Opposing states will have to specifically enact a law to ban this parallel structure in their states, which will then need Presidential approval.
The disincentive for opposing states to not permit this model thus becomes very high.
Fourthly, the government announced creation of a facilitative legal structure to allow farmers to engage with aggregators, exporters, processors and retailers to bring in private investments and know-how to farming.
Essentially, contract farming will now be allowed across the country, where large buyers can enter into forward contracts with better price visibility for the farmers.
This will also allow small farmers — 85 per cent of all Indian landholdings are small — to come together to take advantage of scale for better price visibility.
Of course, the social distrust around land pooling will still need to be overcome — but price incentive may have a higher chance of nudging that change.
While each of these measures is individually significant, it is the collective impact of them which brings about exciting possibilities.
Private investments, technology interventions, nudging farmers to think of agriculture as a business rather than a subsistence activity, removing sell-side barriers and integrating India as one market with required logistics in place — these can be truly transformative over the next few years.
Not only will these proposals uplift the agricultural sector, they can also create more high-value jobs in the sector which currently contributes only 15 per cent to the national gross domestic product (GDP) but supports up to 60 per cent of India’s population.
The biggest risk to these reforms come from three sources.
One, the opposition parties, or even those politicians in the ruling Bharatiya Janata Party (BJP) who derive their political clout from APMC control, will not be happy.
Some of them may try to instigate local revolts, scaring farmers about ‘corporatization’.
Second, the agriculture traders, who now have to reinvent their business models, will definitely oppose these changes.
Many of them may also be BJP sympathizers, especially in the northern states.
Then there’s the ubiquitously vocal-on-social-media middle class, which will resent food price inflation.

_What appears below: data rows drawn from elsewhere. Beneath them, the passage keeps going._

(* Let $\mathcal G$ be a family of connected graphs and $k$ a constant. The following are equivalent: (1) there is a polynomial $p_k$ such that for every $G=(V,E)\in\mathcal G$, a uniformly random spanning tree of $G$ is $k$-splittable with probability at least $1/p_k(|V|)$; (2) there is a polynomial $q_k$ such that for every $G=(V,E)\in\mathcal G$, a random connected $k$-partition of $G$ drawn with probability proportional to its spanning tree weight is balanced with probability at least $1/q_k(|V|)$.
   Context: A tree $T$ is $k$-splittable if there exist $k-1$ edges of $T$ whose removal leaves a forest whose $k$ connected components all have the same number of vertices. A connected $k$-partition of $G=(V,E)$ is a partition of $V$ into $k$ nonempty sets (pieces) each inducing a connected subgraph; it is balanced if all pieces have equal size. For a graph $H$, $\tau(H)$ is its number of spanning trees, and the spanning tree weight of a connected partition $P$ is $\prod_{S\in P}\tau(G[S])$. *)

From HB Require Import structures.
From mathcomp Require Import all_boot all_order all_algebra.
Set Implicit Arguments. Unset Strict Implicit. Unset Printing Implicit Defensive.
Import Order.TTheory GRing.Theory Num.Theory.

(* Graphs: vertex set a finType T, adjacency a relation g : rel T.
   A simple graph is a symmetric irreflexive relation.  Edges are represented
   as 2-element vertex sets {x, y}. *)

Section Graphs.
Variable T : finType.
Variable g : rel T.

Definition simple_graph : Prop := symmetric g /\ irreflexive g.

Definition gedges : {set {set T}} := [set [set p.1; p.2] | p in [set p : T * T | g p.1 p.2]].

Definition conn_in (F : {set {set T}}) (A : {set T}) (x y : T) : bool :=
  connect [rel u v | [&& u \in A, v \in A & [set u; v] \in F]] x y.

Definition induces_connected (A : {set T}) : Prop :=
  A != set0 /\ forall x y, x \in A -> y \in A -> conn_in gedges A x y.
Lemma int_poly_by_parts P Q :
  int_poly (P^`() * Q) = horner P 1 * horner Q 1 - horner P (-1) * horner Q (-1)
                         - int_poly (P * Q^`()).
Proof. by rewrite !RmultE -!hornerM -int_poly_deriv derivM int_polyD; ring. Qed.

Section Lagrange.
Variable p : nat.
Variable tau : nat -> R.
Hypothesis tau_inj : forall i j, (i <= p)%N -> (j <= p)%N -> tau i = tau j -> i = j.

Definition lagr_factor (i j : nat) : {poly R} :=
  if j == i then 1%R else (('X - (tau j)%:P) * ((tau i - tau j)^-1)%:P)%R.

Definition lagr_poly (i : nat) : {poly R} := (\prod_(j < p.+1) lagr_factor i j)%R.

Lemma lagr_horner i : lagr p tau i = horner (lagr_poly i).
Proof.
apply: functional_extensionality => x.
rewrite /lagr prodR_big /lagr_poly horner_prod.
apply: eq_bigr => j _; rewrite /lagr_factor.
case: Nat.eq_dec => [->|ne]; first by rewrite eqxx hornerE.
by rewrite ifF ?hornerE //; apply/eqP.
Qed.

Lemma size_lagr_factor i j : (size (lagr_factor i j) <= 2)%N.
Proof.
rewrite /lagr_factor; case: eqP => _; first by rewrite size_poly1.
rewrite (leq_trans (size_polyMleq _ _)) // size_XsubC.
by case: (size _) (size_polyC_leq1 (tau i - tau j)^-1) => [|[|]].
Qed.
Lemma Ir_add_L (rho xi E L a b : R) : 0 < L -> 0 < xi - 2 * rho * E -> 0 < a < b ->
  Qrad rho xi E L a = 0 -> Qrad rho xi E L b = 0 ->
  Ir rho xi E L a b + L = E / sqrt (xi - 2 * rho * E).
Proof.
  intros L_gt0 D_gt0 Hab Qa Qb.
  set (D := xi - 2 * rho * E) in *.
  destruct (radial_poly_vieta D E L a b Hab) as [Hsum Hprod];
    [apply radial_poly_Qrad_root; lra.. |].
  set (d := sqrt D).
  assert (Hd2 : d * d = D) by (apply sqrt_sqrt; lra).
  assert (d_gt0 : 0 < d) by (apply sqrt_lt_R0; lra).
  assert (HL : L = d * (a * b)).
  { apply Rsqr_inj; [lra | apply Rmult_le_pos; nra |].
    unfold Rsqr; rewrite <- Hd2 in Hprod; nra. }
  assert (sqrt_Qrad : forall x, a < x < b ->
            sqrt (Qrad rho xi E L x) = d * (sqrt ((x ^ 2 - a ^ 2) * (b ^ 2 - x ^ 2)) / x)).
  { intros x Hx.
    replace (Qrad rho xi E L x) with (D * ((x ^ 2 - a ^ 2) * (b ^ 2 - x ^ 2)) / x ^ 2)
      by (rewrite Qrad_radial_poly by lra; unfold radial_poly; fold D;
          rewrite <- Hsum, Hprod; field; lra).
    rewrite sqrt_div_alt, sqrt_mult, sqrt_pow2 by first [apply Rmult_le_pos; nra | nra].
    unfold d, Rdiv; ring. }
  assert (Hint : RInt (fun r => sqrt (Qrad rho xi E L r)) a b
                 = d * RInt (fun r => sqrt ((r ^ 2 - a ^ 2) * (b ^ 2 - r ^ 2)) / r) a b).
  { rewrite (RInt_ext _ (fun r => d * (sqrt ((r ^ 2 - a ^ 2) * (b ^ 2 - r ^ 2)) / r)))
      by (intros x Hx; rewrite Rmin_left, Rmax_right in Hx by lra; apply sqrt_Qrad, Hx).
    apply (RInt_scal (fun r => sqrt ((r ^ 2 - a ^ 2) * (b ^ 2 - r ^ 2)) / r) a b d).
    apply ex_RInt_continuous; intros x Hx.
    rewrite Rmin_left, Rmax_right in Hx by lra; apply continuous_radial_integrand; lra. }
  unfold Ir; rewrite Hint, RInt_radial_action, HL by lra.
  rewrite <- Hd2 in Hsum; replace E with (d * d * (a ^ 2 + b ^ 2) / 2) by lra.
  field; split; [lra | apply PI_neq0].
Qed.

Definition dH0_dr (rho xi r p q : R) : R :=
  ((- 2 * q ^ 2 / r ^ 3 + 2 * xi * r) * (1 + rho * r ^ 2)
   - (p ^ 2 + q ^ 2 / r ^ 2 + xi * r ^ 2) * (2 * rho * r)) / (2 * (1 + rho * r ^ 2) ^ 2).

Lemma circular_orbit_energy (rho xi E L r : R) : 0 < rho -> 0 < r ->
  dH0_dr rho xi r 0 L = 0 -> radial_poly (xi - 2 * rho * E) E L (r ^ 2) = 0 ->
  (xi - 2 * rho * E) * r ^ 2 = E.
Proof.
  unfold dH0_dr, radial_poly; intros rho_gt0 r_gt0 Hforce Hlevel.
  assert (Hbalance : xi * (r ^ 2) ^ 2 - 2 * rho * L ^ 2 * r ^ 2 - L ^ 2 = 0).
  { apply (f_equal (fun x => x * (r ^ 3 * (1 + rho * r ^ 2) ^ 2))) in Hforce.
    field_simplify in Hforce; [|nra..]. nra. }
  assert (Hprod : ((xi - 2 * rho * E) * r ^ 2 - E) * (r ^ 2 * (2 * rho * r ^ 2 + 2))
    = (xi * (r ^ 2) ^ 2 - 2 * rho * L ^ 2 * r ^ 2 - L ^ 2)
      + (1 + 2 * rho * r ^ 2) * ((xi - 2 * rho * E) * (r ^ 2) ^ 2 - 2 * E * r ^ 2 + L ^ 2))
    by ring.
  rewrite Hbalance, Hlevel, Rmult_0_r, Rplus_0_l in Hprod.
  assert (0 < r ^ 2 * (2 * rho * r ^ 2 + 2)) by (apply Rmult_lt_0_compat; nra).
  apply Rmult_integral in Hprod as [Hprod | Hprod]; lra.
Qed.

Lemma Derive_H0_pr (rho xi r p q : R) : 0 < rho ->
  Derive (fun p => H0 rho xi r p q) p = p / (1 + rho * r ^ 2).
Proof. intros rho_gt0; apply is_derive_unique; unfold H0; auto_derive; [nra | field; nra]. Qed.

Onion prices are notorious for bringing tears to this vocal class, which, in turn, can being governments down — or so goes the apocryphal story from the Delhi 1998 state election.
All of these players are capable of putting pressure on the government to backtrack or dilute changes.
The government, on its part, has, however, made its intent clear. It wants to unshackle the agriculture sector once and for all.
A resolute implementation can change the rules of Indian agriculture, economics and consequently politics.
Aashish Chandorkar is Counsellor at the Permanent Mission of India to the World Trade Organization in Geneva. He took up this role in September 2021. He writes on public policy in his personal capacity.